Todo arranca con un gesto sencillo y poderoso: cruzar la puerta de Santiago que mira a salida del sol. A partir de ahí, el espectador entra en un espacio donde la luz, la música y la palabra construyen una atmósfera mística, casi teresiana, que invita no solo a mirar, sino a sentir y a cuestionarse.
«Frente a la intemperie del desierto —explica su director, Pedro Olalla—, el vendaval de luz de unos músicos llenará de trascendencia las naves de la iglesia de Santiago». Una declaración que anticipa uno de los pilares de esta edición: la música como refugio y sacudida.

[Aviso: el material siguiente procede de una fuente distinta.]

(* For every integer $n\ge 0$, $${}_3F_2\!\left(\begin{matrix}-2n,\,-2n-1,\,\tfrac12\\ -2n+\tfrac12,\,2\end{matrix};1\right)=\frac{(2n+1)!\,(2n)!^3}{(4n)!\,n!^3\,(n+1)!},$$ and $${}_3F_2\!\left(\begin{matrix}-2n-1,\,-2n-2,\,\tfrac12\\ -2n-\tfrac12,\,2\end{matrix};1\right)=0.$$
   Context: ${}_3F_2\!\left(\begin{matrix}a_1,a_2,a_3\\ b_1,b_2\end{matrix};z\right)=\sum_{j\ge0}\frac{(a_1)_j(a_2)_j(a_3)_j}{(b_1)_j(b_2)_j}\frac{z^j}{j!}$, where $(x)_j=x(x+1)\cdots(x+j-1)$ is the Pochhammer symbol; when $a_1=-m$ is a nonpositive integer the series terminates at $j=m$. *)

From HB Require Import structures.
From mathcomp Require Import all_boot all_order all_algebra.
Set Implicit Arguments. Unset Strict Implicit. Unset Printing Implicit Defensive.
Import Order.TTheory GRing.Theory Num.Theory.
Local Open Scope ring_scope.

Definition poch (R : pzRingType) (x : R) (j : nat) : R :=
  \prod_(i < j) (x + i%:R).

(* Terminating 3F2 with upper parameter a1 = -m (m : nat): the sum over
   j = 0..m of (a1)_j (a2)_j (a3)_j / ((b1)_j (b2)_j) z^j / j!. *)
Definition hyp3F2_term (F : fieldType) (m : nat) (a2 a3 b1 b2 z : F) : F :=
  \sum_(j < m.+1)
     poch (- m%:R) j * poch a2 j * poch a3 j / (poch b1 j * poch b2 j)
       * z ^+ j / (j`!)%:R.

From HB Require Import structures.
From mathcomp Require Import all_boot all_order all_algebra.
From mathcomp Require Import ring lra zify.
Import Order.TTheory GRing.Theory Num.Theory.
Local Open Scope ring_scope.

(* Zeilberger's creative telescoping.  Let S m be the sum with top parameters
   -m, -m-1, 1/2 and bottom parameters -m+1/2, 2, and t m j its j-th term.
   Both t m j.+1 / t m j and t m j / t (m+2) j are rational functions of j,
   and for each parity of m there are a factor c m and a rational certificate
   g with
     c m * t m j - t (m+2) j = t (m+2) (j+1) g (j+1) - t (m+2) j g j,
   so summing over j gives S (m+2) = c m * S m.  For even m, c m is the ratio
   of consecutive values of the claimed closed form; for odd m the recurrence
   starts from S 1 = 0. *)

Lemma poch_recr (R : pzRingType) (x : R) j : poch x j.+1 = poch x j * (x + j%:R).
Proof. by rewrite /poch big_ord_recr. Qed.

Lemma poch_recl (R : pzRingType) (x : R) j : poch x j.+1 = x * poch (x + 1) j.
Proof.
rewrite /poch big_ord_recl addr0; congr (_ * _); apply: eq_bigr => i _.
by rewrite lift0 -natr1 [_%:R + 1]addrC addrA.
Qed.

Lemma poch_add2 (R : comPzRingType) (x : R) j :
  x * (x + 1) * poch (x + 2) j = poch x j * ((x + j%:R) * (x + j%:R + 1)).
Proof.
transitivity (poch x j.+2); last by rewrite !poch_recr -natr1 addrA mulrA.
by rewrite poch_recl poch_recl -addrA mulrA.
Qed.

Lemma poch_add2E (F : fieldType) (x y : F) j : y = x + 2 -> x * (x + 1) != 0 ->
  poch y j = poch x j * ((x + j%:R) * (x + j%:R + 1)) / (x * (x + 1)).
Proof. by move=> -> nz; rewrite -poch_add2 mulrC mulKf. Qed.

Lemma poch_neq0 (R : idomainType) (x : R) j :
  (forall i, (i < j)%N -> x + i%:R != 0) -> poch x j != 0.
Proof. by move=> nz; apply/prodf_neq0 => i _; apply: nz. Qed.

Lemma odd_natr_neq0 (R : numDomainType) (a b : nat) :
  2 * a%:R - 2 * b%:R + 1 != 0 :> R.
Proof. by rewrite addrAC subr_eq0 -!natrM natr1 eqr_nat; apply/eqP; lia. Qed.

Lemma natr_fact_neq0 (R : numDomainType) j : (j`!)%:R != 0 :> R.
Proof. by rewrite pnatr_eq0 -lt0n fact_gt0. Qed.

Lemma poch_half_neq0 (R : numFieldType) m j : poch (- m%:R + 1 / 2 : R) j != 0.
Proof.
apply: poch_neq0 => i _; apply: contra (odd_natr_neq0 R i m) => /eqP z.
have -> : 2 * i%:R - 2 * m%:R + 1 = 2 * (- m%:R + 1 / 2 + i%:R) :> R by field.
by rewrite z mulr0.
Qed.

Lemma poch_natS_neq0 (R : numDomainType) k j : poch (k.+1%:R : R) j != 0.
Proof. by apply: poch_neq0 => i _; rewrite -natrD pnatr_eq0. Qed.

Lemma creative_telescoping (R : comPzRingType) (u v r s g : nat -> R) (c : R) K :
  (forall k, (k < K)%N -> u k = v k * r k) ->
  (forall k, (k < K)%N -> v k.+1 = v k * s k) ->
  (forall k, (k < K)%N -> c * r k - 1 = s k * g k.+1 - g k) ->
  g 0%N = 0 -> v K = 0 ->
  \sum_(k < K) v k = c * \sum_(k < K) u k.
Proof.
move=> uE vS cert g0 vK; apply/eqP; rewrite mulr_sumr eq_sym -subr_eq0 -sumrB.
rewrite -(big_mkord xpredT (fun k => c * u k - v k)).
rewrite (telescope_sumr_eq (fun k => v k * g k)) ?vK ?g0 ?mul0r ?mulr0 ?subr0 //.
move=> k /andP[_ ltkK].
rewrite uE // vS //; transitivity (v k * (c * r k - 1)); first by ring.
by rewrite cert //; ring.
Qed.

Definition term (m j : nat) : rat :=
  poch (- m%:R) j * poch (- m%:R - 1) j * poch (1 / 2) j
    / (poch (- m%:R + 1 / 2) j * poch 2 j) * 1 ^+ j / (j`!)%:R.

Definition sum3F2 (m : nat) : rat :=
  hyp3F2_term m (- m%:R - 1) (1 / 2) (- m%:R + 1 / 2) 2 1.

Lemma sum3F2E m : sum3F2 m = \sum_(j < m.+1) term m j.
Proof. by []. Qed.

Lemma term_eq0 m j : (m < j)%N -> term m j = 0.
Proof. by move=> ltmj; rewrite /term /poch (bigD1 (Ordinal ltmj)) //= addNr !mul0r. Qed.

Lemma sum3F2_widen m K : (m < K)%N -> sum3F2 m = \sum_(j < K) term m j.
Proof.
move=> ltmK; rewrite sum3F2E -(subnKC ltmK) big_split_ord /=.
by rewrite [X in _ = _ + X]big1 ?addr0 // => i _; apply: term_eq0; lia.
Qed.

Definition succ_ratio (m y : rat) : rat :=
  (y - m) * (y - m - 1) * (2 * y + 1) / ((2 * y + 1 - 2 * m) * (y + 2) * (y + 1)).

Lemma term_succ m j : term m j.+1 = term m j * succ_ratio m%:R j%:R.
Proof.
have j_ge0 := ler0n rat j.
have j1_neq0 : j%:R + 1 != 0 :> rat by apply: lt0r_neq0; lra.
have j2_neq0 : j%:R + 2 != 0 :> rat by apply: lt0r_neq0; lra.
have odd_neq0 : 2 * j%:R + 1 - 2 * m%:R != 0 :> rat by rewrite addrAC odd_natr_neq0.
have poch2_neq0 := poch_natS_neq0 rat 1 j.
have := poch_half_neq0 rat m j; have := natr_fact_neq0 rat j.
rewrite /term /succ_ratio !poch_recr factS natrM -natr1 !expr1n => fact_neq0 poch_neq0.
field; rewrite j1_neq0 j2_neq0 odd_neq0 fact_neq0 poch_neq0 andbT.
exact: poch2_neq0.
Qed.

Definition shift_ratio (m y : rat) : rat :=
  (m + 2 - y) * (m + 1 - y) * (m + 3 - y) * (m + 2 - y) * (2 * m + 3) * (2 * m + 1)
   / ((m + 2) * (m + 1) * (m + 3) * (m + 2) * (2 * y - 2 * m - 3) * (2 * y - 2 * m - 1)).

Lemma term_shift m j : term m j = term m.+2 j * shift_ratio m%:R j%:R.
Proof.
have m_ge0 := ler0n rat m.
have mS2 : m.+2%:R = m%:R + 2 :> rat by ring.
have odd1_neq0 : 2 * j%:R - 2 * m%:R - 1 != 0 :> rat.
  by apply: contra_neq (odd_natr_neq0 rat j m.+1) => z; rewrite -z; ring.
have odd3_neq0 : 2 * j%:R - 2 * m%:R - 3 != 0 :> rat.
  by apply: contra_neq (odd_natr_neq0 rat j m.+2) => z; rewrite -z; ring.
rewrite /term /shift_ratio mS2.
rewrite (@poch_add2E _ (- (m%:R + 2)) (- m%:R)); first last.
- by apply: lt0r_neq0; nra.
- by ring.
rewrite (@poch_add2E _ (- (m%:R + 2) - 1) (- m%:R - 1)); first last.
- by apply: lt0r_neq0; nra.
- by ring.
rewrite (@poch_add2E _ (- (m%:R + 2) + 1 / 2) (- m%:R + 1 / 2)); first last.
- by apply: lt0r_neq0; nra.
- by ring.
have poch2_neq0 := poch_natS_neq0 rat 1 j.
have fact_neq0 := natr_fact_neq0 rat j.
have := poch_half_neq0 rat m.+2 j; rewrite mS2 => poch_neq0.
field; rewrite odd1_neq0 odd3_neq0 fact_neq0 poch2_neq0 poch_neq0 /=.
by repeat (apply/andP; split); first [apply: lt0r_neq0; lra | apply: ltr0_neq0; lra].
Qed.

Lemma sum3F2_rec m (c : rat) (g : rat -> rat) : g 0 = 0 ->
  (forall k, (k < m.+3)%N ->
     c * shift_ratio m%:R k%:R - 1 = succ_ratio m.+2%:R k%:R * g (k%:R + 1) - g k%:R) ->
  sum3F2 m.+2 = c * sum3F2 m.
Proof.
move=> g0 cert; rewrite sum3F2E (@sum3F2_widen m m.+3); last by rewrite ltnS leqW.
apply: (@creative_telescoping _ (term m) (term m.+2) (fun k => shift_ratio m%:R k%:R)
          (fun k => succ_ratio m.+2%:R k%:R) (fun k => g k%:R)) => //.
- by move=> k _; apply: term_shift.
- by move=> k _; apply: term_succ.
- by move=> k /cert; rewrite -(natr1 k).
- exact: term_eq0.
Qed.

(* Zeilberger certificates for m = 2x and m = 2x + 1 (in the summation
   variable y), as produced by a computer algebra system. *)
Definition even_cert (x y : rat) : rat :=
  y * (- 2 * (x + 1) * (8 * x ^+ 2 + 13 * x + 3) + (1 - 12 * x - 30 * x ^+ 2 - 16 * x ^+ 3) * y
       + 6 * (x + 1) * (2 * x + 1) * y ^+ 2 - (2 * x + 1) * y ^+ 3)
  / (4 * (x + 1) ^+ 2 * (x + 2) * (2 * x + 3) * (2 * y - 4 * x - 3)).

Definition odd_cert (x y : rat) : rat :=
  - (y * ((16 * x ^+ 2 + 42 * x + 23) * (2 * x + 3) + (32 * x ^+ 3 + 108 * x ^+ 2 + 108 * x + 29) * y
       - 12 * (x + 1) * (2 * x + 3) * y ^+ 2 + 4 * (x + 1) * y ^+ 3))
  / (2 * (x + 2) * (2 * x + 3) ^+ 2 * (2 * x + 5) * (2 * y - 4 * x - 5)).

Definition even_factor (x : rat) : rat :=
  2 * (2 * x + 3) * (2 * x + 1) ^+ 2 / ((4 * x + 3) * (4 * x + 1) * (x + 2)).

Definition odd_factor (x : rat) : rat :=
  32 * (x + 1) ^+ 2 * (x + 2) / ((2 * x + 5) * (4 * x + 3) * (4 * x + 5)).

Lemma even_certificate (x y : rat) : 0 <= x -> 0 <= y ->
  2 * y - 4 * x - 3 != 0 -> 2 * y - 4 * x - 1 != 0 ->
  even_factor x * shift_ratio (2 * x) y - 1
    = succ_ratio (2 * x + 2) y * even_cert x (y + 1) - even_cert x y.
Proof.
move=> x_ge0 y_ge0 nz3 nz1; rewrite /even_factor /shift_ratio /succ_ratio /even_cert.
have -> : 2 * (y + 1) - 4 * x - 3 = 2 * y - 4 * x - 1 by ring.
field; rewrite nz3 nz1 /=.
by repeat (apply/andP; split); apply: lt0r_neq0; lra.
Qed.

Lemma odd_certificate (x y : rat) : 0 <= x -> 0 <= y ->
  2 * y - 4 * x - 5 != 0 -> 2 * y - 4 * x - 3 != 0 ->
  odd_factor x * shift_ratio (2 * x + 1) y - 1
    = succ_ratio (2 * x + 3) y * odd_cert x (y + 1) - odd_cert x y.
Proof.
move=> x_ge0 y_ge0 nz5 nz3; rewrite /odd_factor /shift_ratio /succ_ratio /odd_cert.
have -> : 2 * (y + 1) - 4 * x - 5 = 2 * y - 4 * x - 3 by ring.
field; rewrite nz5 nz3 /=.
by repeat (apply/andP; split); apply: lt0r_neq0; lra.
Qed.

Lemma sum3F2_even_rec n : sum3F2 (2 * n.+1) = even_factor n%:R * sum3F2 (2 * n).
Proof.
rewrite (_ : (2 * n.+1 = (2 * n).+2)%N); last by lia.
apply: (@sum3F2_rec _ _ (even_cert n%:R)) => [|k _]; first by rewrite /even_cert !mul0r.
have -> : (2 * n).+2%:R = 2 * n%:R + 2 :> rat by ring.
rewrite natrM; apply: even_certificate; rewrite ?ler0n //.
- by apply: contra_neq (odd_natr_neq0 rat k (2 * n + 2)) => z; rewrite -z; ring.
- by apply: contra_neq (odd_natr_neq0 rat k (2 * n + 1)) => z; rewrite -z; ring.
Qed.

Lemma sum3F2_odd_rec n : sum3F2 (2 * n.+1 + 1) = odd_factor n%:R * sum3F2 (2 * n + 1).
Proof.
rewrite (_ : (2 * n.+1 + 1 = (2 * n + 1).+2)%N); last by lia.
apply: (@sum3F2_rec _ _ (odd_cert n%:R)) => [|k _].
  by rewrite /odd_cert !(mul0r, oppr0).
have -> : (2 * n + 1).+2%:R = 2 * n%:R + 3 :> rat by ring.
have -> : (2 * n + 1)%:R = 2 * n%:R + 1 :> rat by ring.
apply: odd_certificate; rewrite ?ler0n //.
- by apply: contra_neq (odd_natr_neq0 rat k (2 * n + 3)) => z; rewrite -z; ring.
- by apply: contra_neq (odd_natr_neq0 rat k (2 * n + 2)) => z; rewrite -z; ring.
Qed.

Lemma sum3F2_odd_eq0 n : sum3F2 (2 * n + 1) = 0.
Proof.
elim: n => [|n IHn]; last by rewrite sum3F2_odd_rec IHn mulr0.
by rewrite sum3F2E !big_ord_recr big_ord0 /term /poch !big_ord_recr !big_ord0 /=; field.
Qed.

Definition closed_form (n : nat) : rat :=
  ((2 * n + 1)`! * (2 * n)`! ^ 3)%:R / ((4 * n)`! * n`! ^ 3 * n.+1`!)%:R.

Lemma closed_form_rec n : closed_form n.+1 = even_factor n%:R * closed_form n.
Proof.
rewrite /closed_form /even_factor !addn1.
rewrite (_ : (2 * n.+1).+1 = (2 * n).+3)%N; last by lia.
rewrite (_ : (2 * n.+1 = (2 * n).+2)%N); last by lia.
rewrite (_ : (4 * n.+1 = (4 * n).+4)%N); last by lia.
rewrite !factS !(natrM, natrX).
have n_ge0 := ler0n rat n.
field; rewrite !natr_fact_neq0 /=.
by repeat (apply/andP; split); apply: lt0r_neq0; lra.
Qed.

Lemma sum3F2_even n : sum3F2 (2 * n) = closed_form n.
Proof.
elim: n => [|n IHn]; last by rewrite sum3F2_even_rec closed_form_rec IHn.
by rewrite sum3F2E big_ord1 /term /closed_form /poch !big_ord0.
Qed.

Theorem mainTheorem8 (n : nat) :
  hyp3F2_term (F := rat) (2 * n) (- (2 * n)%:R - 1) (1 / 2)
      (- (2 * n)%:R + 1 / 2) 2 1
    = ((2 * n + 1)`! * (2 * n)`! ^ 3)%:R / ((4 * n)`! * n`! ^ 3 * n.+1`!)%:R
  /\
  hyp3F2_term (F := rat) (2 * n + 1) (- (2 * n)%:R - 2) (1 / 2)
      (- (2 * n)%:R - 1 / 2) 2 1 = 0.
Proof.
split; first exact: sum3F2_even.
have -> : - (2 * n)%:R - 2 = - (2 * n + 1)%:R - 1 :> rat by ring.
have -> : - (2 * n)%:R - 1 / 2 = - (2 * n + 1)%:R + 1 / 2 :> rat by field.
exact: sum3F2_odd_eq0.
Qed.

En La Pasión, el sonido no acompaña, atraviesa. Se convierte en relato, en memoria, en conciencia. / Antonio Montero
En La Pasión, el sonido no acompaña, atraviesa. Se convierte en relato, en memoria, en conciencia. «Muchos viajes se narran desde los sonidos y las voces», apunta Olalla, que define este proyecto como un ‘amarcord’ colectivo, un regreso constante a lo esencial. La edición de 2026 refuerza esa apuesta con la presencia de la voz profunda de Irene Delclós, que regresa para envolver la escena en una dimensión casi litúrgica. Pero no será la única. «La Pasión llevaba años preparando el terreno para el brutal desembarco de una música en directo que nos proteja y defienda de nosotros mismos», afirma Olalla. No es una frase casual: la música aquí se plantea como un acto de resistencia frente a la autocomplacencia, el conformismo y la parálisis moral.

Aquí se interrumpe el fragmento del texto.